Work instruction -
Read through the data and count the lines that contain the string "addrA"; give only the result.

Recorded data -

Lemma frobdot_mul_delta m k l (M : 'M[R]_(m, k)) (N : 'M[R]_(m, l)) i j :
  frobdot M (N *m delta_mx i j) = \sum_r M r j * N r i.
Proof.
have NE a b : (N *m delta_mx i j) a b = N a i * (b == j)%:R.
  rewrite mxE (bigD1 i) //= big1 => [|c ci]; last by rewrite mxE (negbTE ci) mulr0.
  by rewrite mxE eqxx addr0.
apply: eq_bigr => a _; rewrite (bigD1 j) //= big1 => [|b bj].
  by rewrite NE eqxx mulr1 addr0.
by rewrite NE (negbTE bj) !mulr0.
Qed.

Lemma mx_nonneg_mul m k l (M : 'M[R]_(m, k)) (N : 'M[R]_(k, l)) :
  mx_nonneg M -> mx_nonneg N -> mx_nonneg (M *m N).
Proof.
move=> /mx_nonnegP M_ge0 /mx_nonnegP N_ge0; apply/mx_nonnegP => a b.
by rewrite mxE sumr_ge0 // => c _; apply: mulr_ge0.
Qed.

Lemma col_subr_delta m k (M : 'M[R]_(m, k)) i j t j' :
  col j' (M - t *: delta_mx i j) =
  if j' == j then col j M - t *: delta_mx i 0 else col j' M.
Proof.
apply/matrixP => a b; rewrite ord1.
case: eqVneq => [->|j'j]; rewrite !mxE ?eqxx ?andbT //.
by rewrite (negbTE j'j) andbF mulr0 subr0.
Qed.

End Frobenius.

Section Stationarity.
Set Implicit Arguments.
Context {R : realType}.

Lemma cvg_at_right0_affine (f : R -> \bar R) (c d e : R) :
  0 < e -> (forall t, 0 < t < e -> f t = (c + d * t)%:E) -> f @ 0^'+ --> c%:E.
Proof.
move=> e_gt0 fE.
have affine_cvg : (fun t => (c + d * t)%:E) @ 0^'+ --> c%:E.
  apply/cvg_EFin; first by near=> t.
  apply: cvg_at_right_filter.
  have := cvgD (cvg_cst c) (cvgM (cvg_cst d) (@cvg_id _ (nbhs (0 : R)))).
  by rewrite mulr0 addr0; apply.
apply: cvg_trans affine_cvg; apply: near_eq_cvg; near=> t.
rewrite fE //; apply/andP; split; near: t.
  exact: nbhs_right_gt.
exact: nbhs_right_lt.
Unshelve. all: end_near.
Qed.

Context {p n q : nat} {A : 'M[R]_(p, q)} {eta1 eta2 gamma : R}.
Context {W : 'M[R]_(p, n)} {X : 'M[R]_(n, q)}.
Hypothesis stat : dstationary A eta1 eta2 gamma W X.

Lemma dstationary_slope_ge0 (DW : 'M[R]_(p, n)) (DX : 'M[R]_(n, q)) (c d e : R) :
  0 < e -> (forall t, 0 < t < e -> inC (W + t *: DW) (X + t *: DX)) ->
  (forall t, 0 < t < e ->
     fobj A eta1 eta2 gamma (W + t *: DW) (X + t *: DX)
     = fobj A eta1 eta2 gamma W X + c * t + d * t ^+ 2) ->
  0 <= c.
Proof.
move=> e_gt0 feas fE; have [WX_C /(_ DW DX)] := stat.
case=> [|l [l_cvg l_ge0]]; first by exists e.
suff l_eq : l = c%:E by rewrite -lee_fin -l_eq.
apply: (cvg_unique (@ereal_hausdorff R) l_cvg).
apply: (@cvg_at_right0_affine _ c d e e_gt0) => t /[dup] /andP[t_gt0 _] te.
rewrite /Phi feas // WX_C fE // !adde0 -EFinB -EFinM.
by congr (_%:E); field; rewrite gt_eqF.
Qed.

Lemma dstationary_sqfrob_le : 4 * eta1 * sqfrob W <= sqfrob A.
Proof.
have [/andP[/mx_nonnegP W_ge0 X_C] _] := stat.
have slope_ge0 : 0 <= frobdot (A - W *m X) (W *m X) - eta1 * sqfrob W.
  apply: (@dstationary_slope_ge0 (- W) 0 _
    (2^-1 * sqfrob (W *m X) + eta1 / 2 * sqfrob (- W)) 1 ltr01)
    => t /andP[t_gt0 t_lt1]; rewrite scaler0 addr0.
  - rewrite /inC X_C andbT; apply/mx_nonnegP => a b.
    by rewrite !mxE; have := W_ge0 a b; nra.
  - rewrite /fobj; have -> : A - (W + t *: - W) *m X = (A - W *m X) + t *: (W *m X).
      by rewrite mulmxDl -scalemxAl mulNmx scalerN opprD opprK addrA.
    by rewrite !sqfrobDZ frobdotNr frobdotmm; field.
(* 0 <= |A - 2 W X|^2 bounds the slope's first term by |A|^2 / 4. *)
have := sqfrob_ge0 (A + (-2) *: (W *m X)).
by rewrite sqfrobDZ; move: slope_ge0; rewrite frobdotBl frobdotmm; lra.
Qed.

Lemma dstationary_le_dot_col j : 0 <= eta2 -> T1n1 (col j X) != 0 ->
  exists i, gamma <= \sum_r A r j * W r i.
Proof.
move=> eta2_ge0 T_neq0; have [/andP[W_C X_C] _] := stat.
have /mx_nonnegP X_ge0 := X_C.
have [i [Xij_gt0 descent]] : exists i, 0 < X i j /\ forall t, 0 <= t <= X i j ->
    T1n1 (col j X - t *: delta_mx i 0) = T1n1 (col j X) - t.
  have [k|i] := T1n1_descent _ _ T_neq0; first by rewrite mxE.
  by rewrite mxE; exists i.
exists i; pose E := delta_mx i j : 'M[R]_(n, q).
have slope_ge0 : 0 <= frobdot (A - W *m X) (W *m E) - eta2 * X i j - gamma.
  apply: (@dstationary_slope_ge0 0 (- E) _
    (2^-1 * sqfrob (W *m E) + eta2 / 2 * sqfrob (- E)) _ Xij_gt0)
    => t /andP[t_gt0 t_lt]; rewrite scaler0 addr0 scalerN.
  - rewrite /inC W_C; apply/mx_nonnegP => a b; rewrite !mxE.
    case: ((a == i) && (b == j)) / boolP => [/andP[/eqP -> /eqP ->]|_] /=.
      by rewrite mulr1 subr_ge0 ltW.
    by rewrite mulr0 subr0 X_ge0.
  - rewrite /fobj.
    have -> : A - W *m (X - t *: E) = (A - W *m X) + t *: (W *m E).
      by rewrite mulmxBr -scalemxAr opprB addrA addrAC.
    have -> : \sum_j' T1n1 (col j' (X - t *: E)) = \sum_j' T1n1 (col j' X) - t.
      rewrite (bigD1 j) //= [in RHS](bigD1 j) //= col_subr_delta eqxx descent ?ltW //.
      rewrite (eq_bigr (fun j' => T1n1 (col j' X))) => [|j' j'j]; first by ring.
      by rewrite col_subr_delta (negbTE j'j).
    by rewrite -scalerN !sqfrobDZ frobdotNr frobdot_delta; field.
have WXE_ge0 : 0 <= frobdot (W *m X) (W *m E).
  apply: frobdot_ge0; apply: mx_nonneg_mul => //.
  by apply/mx_nonnegP => a b; rewrite mxE.
move: slope_ge0; rewrite frobdotBl frobdot_mul_delta; nra.
Qed.

Lemma dstationary_frob_le : 0 <= eta1 -> 2 * Num.sqrt eta1 * frob W <= frob A.
Proof.
move=> eta1_ge0; have four : 4 = 2 ^+ 2 :> R by rewrite expr2 -natrM.
have <- : Num.sqrt (4 * eta1 * sqfrob W) = 2 * Num.sqrt eta1 * frob W.
  by rewrite !sqrtrM ?mulr_ge0 // four sqrtr_sqr ger0_norm.
by rewrite ler_sqrt ?sqfrob_ge0 ?dstationary_sqfrob_le.
Qed.

End Stationarity.

Lemma mul_le_threshold (R : realType) (a w F eta1 eta2 : R) :
  0 <= a -> 0 <= w -> 0 < eta1 -> 2 * Num.sqrt eta1 * w <= F ->
  a * w <= a / Num.sqrt 2 * (F / Num.sqrt eta1 + Num.sqrt eta2).
Proof.
set s1 := Num.sqrt eta1; set s2 := Num.sqrt 2 => a_ge0 w_ge0 eta1_gt0 wF.
have s1_gt0 : 0 < s1 by rewrite sqrtr_gt0.
have s2_gt0 : 0 < s2 by rewrite sqrtr_gt0.
have s2_le2 : s2 <= 2.
  by rewrite -[leRHS](@ger0_norm _ 2) // -sqrtr_sqr ler_sqrt // expr2 ler_peMl // ler1n.
apply: (@le_trans _ _ (a / s2 * (F / s1))).
  have aws_ge0 : 0 <= a * w * s1 by rewrite mulr_ge0 ?mulr_ge0 // ltW.
  rewrite mulrACA -invfM ler_pdivlMr ?mulr_gt0 //; nra.
by apply: ler_wpM2l; rewrite ?divr_ge0 ?lerDl ?sqrtr_ge0 // ltW.
Qed.

Theorem mainTheorem12 (R : realType) (p n q : nat) (A : 'M[R]_(p, q))
  (eta1 eta2 gamma : R) (W : 'M[R]_(p, n)) (X : 'M[R]_(n, q)) :
  mx_nonneg A -> 0 < eta1 -> 0 < eta2 -> 0 < gamma ->
  dstationary A eta1 eta2 gamma W X ->
  \big[Num.max/0]_(j < q)
     (norm2 (col j A) / Num.sqrt 2 *
      (frob A / Num.sqrt eta1 + Num.sqrt eta2)) < gamma ->
  forall j : 'I_q, T1n1 (col j X) = 0.
Proof.
move=> _ eta1_gt0 eta2_gt0 _ stat gamma_gt j; apply/eqP.
apply: contraTT gamma_gt => T_neq0; rewrite -leNgt.
have [i gamma_le] := dstationary_le_dot_col stat j (ltW eta2_gt0) T_neq0.
apply: le_trans (le_bigmax _ _ j); apply: (le_trans gamma_le).
have -> : \sum_r A r j * W r i = \sum_r col j A r 0 * col i W r 0.
  by apply: eq_bigr => r _; rewrite !mxE.
apply: le_trans (sum_mul_le_norm2 _ _) _.
apply: mul_le_threshold; rewrite ?sqrtr_ge0 //.
apply: le_trans (dstationary_frob_le stat (ltW eta1_gt0)).
by rewrite ler_wpM2l ?mulr_ge0 ?sqrtr_ge0 ?norm2_col_le_frob.
Qed.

Finished exercise -
2